* [Data for this exercise]:
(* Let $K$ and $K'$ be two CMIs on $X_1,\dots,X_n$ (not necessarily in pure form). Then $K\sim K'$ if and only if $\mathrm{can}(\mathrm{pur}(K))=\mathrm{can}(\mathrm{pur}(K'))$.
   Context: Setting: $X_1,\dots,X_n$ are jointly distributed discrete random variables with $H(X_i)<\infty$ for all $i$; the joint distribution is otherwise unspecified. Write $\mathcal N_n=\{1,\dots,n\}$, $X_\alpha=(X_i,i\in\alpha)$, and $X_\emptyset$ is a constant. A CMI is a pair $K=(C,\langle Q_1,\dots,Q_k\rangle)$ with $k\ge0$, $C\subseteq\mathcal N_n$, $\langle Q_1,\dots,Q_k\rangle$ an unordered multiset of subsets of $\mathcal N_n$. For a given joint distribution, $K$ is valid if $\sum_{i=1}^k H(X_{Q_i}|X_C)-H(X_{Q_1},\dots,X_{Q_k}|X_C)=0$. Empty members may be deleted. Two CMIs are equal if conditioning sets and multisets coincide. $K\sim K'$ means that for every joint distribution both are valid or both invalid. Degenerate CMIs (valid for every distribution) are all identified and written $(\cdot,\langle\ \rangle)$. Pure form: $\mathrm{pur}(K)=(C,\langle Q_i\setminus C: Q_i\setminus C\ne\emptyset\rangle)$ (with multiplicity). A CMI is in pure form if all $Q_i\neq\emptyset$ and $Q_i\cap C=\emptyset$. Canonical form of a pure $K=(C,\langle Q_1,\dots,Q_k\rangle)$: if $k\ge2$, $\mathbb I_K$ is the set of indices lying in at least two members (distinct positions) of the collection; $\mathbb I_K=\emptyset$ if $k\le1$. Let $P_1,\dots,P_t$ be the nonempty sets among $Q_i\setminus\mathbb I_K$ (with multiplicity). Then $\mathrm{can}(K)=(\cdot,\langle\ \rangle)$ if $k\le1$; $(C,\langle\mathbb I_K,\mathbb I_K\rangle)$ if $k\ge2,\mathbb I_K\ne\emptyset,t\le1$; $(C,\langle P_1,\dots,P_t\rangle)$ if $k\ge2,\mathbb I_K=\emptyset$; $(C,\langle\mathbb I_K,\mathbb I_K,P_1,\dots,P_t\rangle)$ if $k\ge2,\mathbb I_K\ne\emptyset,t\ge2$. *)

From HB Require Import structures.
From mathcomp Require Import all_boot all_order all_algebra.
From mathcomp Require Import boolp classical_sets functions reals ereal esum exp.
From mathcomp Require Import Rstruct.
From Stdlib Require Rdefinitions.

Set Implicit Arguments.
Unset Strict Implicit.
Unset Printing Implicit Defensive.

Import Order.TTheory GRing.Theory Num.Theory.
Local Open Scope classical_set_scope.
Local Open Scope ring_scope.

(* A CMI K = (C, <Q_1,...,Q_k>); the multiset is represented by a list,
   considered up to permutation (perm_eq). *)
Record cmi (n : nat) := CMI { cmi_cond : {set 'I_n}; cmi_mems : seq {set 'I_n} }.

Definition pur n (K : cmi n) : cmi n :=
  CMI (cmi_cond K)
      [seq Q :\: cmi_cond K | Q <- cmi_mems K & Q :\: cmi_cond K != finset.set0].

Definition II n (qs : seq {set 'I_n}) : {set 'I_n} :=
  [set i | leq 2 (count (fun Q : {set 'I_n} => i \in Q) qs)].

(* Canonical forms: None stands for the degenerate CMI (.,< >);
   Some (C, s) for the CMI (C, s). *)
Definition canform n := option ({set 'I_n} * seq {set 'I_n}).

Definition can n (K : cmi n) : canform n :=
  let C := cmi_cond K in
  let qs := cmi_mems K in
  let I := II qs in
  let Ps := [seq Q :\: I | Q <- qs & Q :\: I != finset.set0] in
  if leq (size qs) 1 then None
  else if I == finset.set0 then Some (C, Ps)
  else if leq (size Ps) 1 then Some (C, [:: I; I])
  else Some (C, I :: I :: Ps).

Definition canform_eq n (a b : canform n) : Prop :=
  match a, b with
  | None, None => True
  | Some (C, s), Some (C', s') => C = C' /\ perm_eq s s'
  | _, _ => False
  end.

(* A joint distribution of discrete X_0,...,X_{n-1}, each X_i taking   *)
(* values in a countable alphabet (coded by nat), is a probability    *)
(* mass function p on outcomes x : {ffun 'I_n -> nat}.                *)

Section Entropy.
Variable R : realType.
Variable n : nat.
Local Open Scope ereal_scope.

* [Activity]: Beginning at the line that holds "(* Canonical forms: None", write out word for word each line through the end of the records.

* [Finished task]:
(* Canonical forms: None stands for the degenerate CMI (.,< >);
   Some (C, s) for the CMI (C, s). *)
Definition canform n := option ({set 'I_n} * seq {set 'I_n}).

Definition can n (K : cmi n) : canform n :=
  let C := cmi_cond K in
  let qs := cmi_mems K in
  let I := II qs in
  let Ps := [seq Q :\: I | Q <- qs & Q :\: I != finset.set0] in
  if leq (size qs) 1 then None
  else if I == finset.set0 then Some (C, Ps)
  else if leq (size Ps) 1 then Some (C, [:: I; I])
  else Some (C, I :: I :: Ps).

Definition canform_eq n (a b : canform n) : Prop :=
  match a, b with
  | None, None => True
  | Some (C, s), Some (C', s') => C = C' /\ perm_eq s s'
  | _, _ => False
  end.

(* A joint distribution of discrete X_0,...,X_{n-1}, each X_i taking   *)
(* values in a countable alphabet (coded by nat), is a probability    *)
(* mass function p on outcomes x : {ffun 'I_n -> nat}.                *)

Section Entropy.
Variable R : realType.
Variable n : nat.
Local Open Scope ereal_scope.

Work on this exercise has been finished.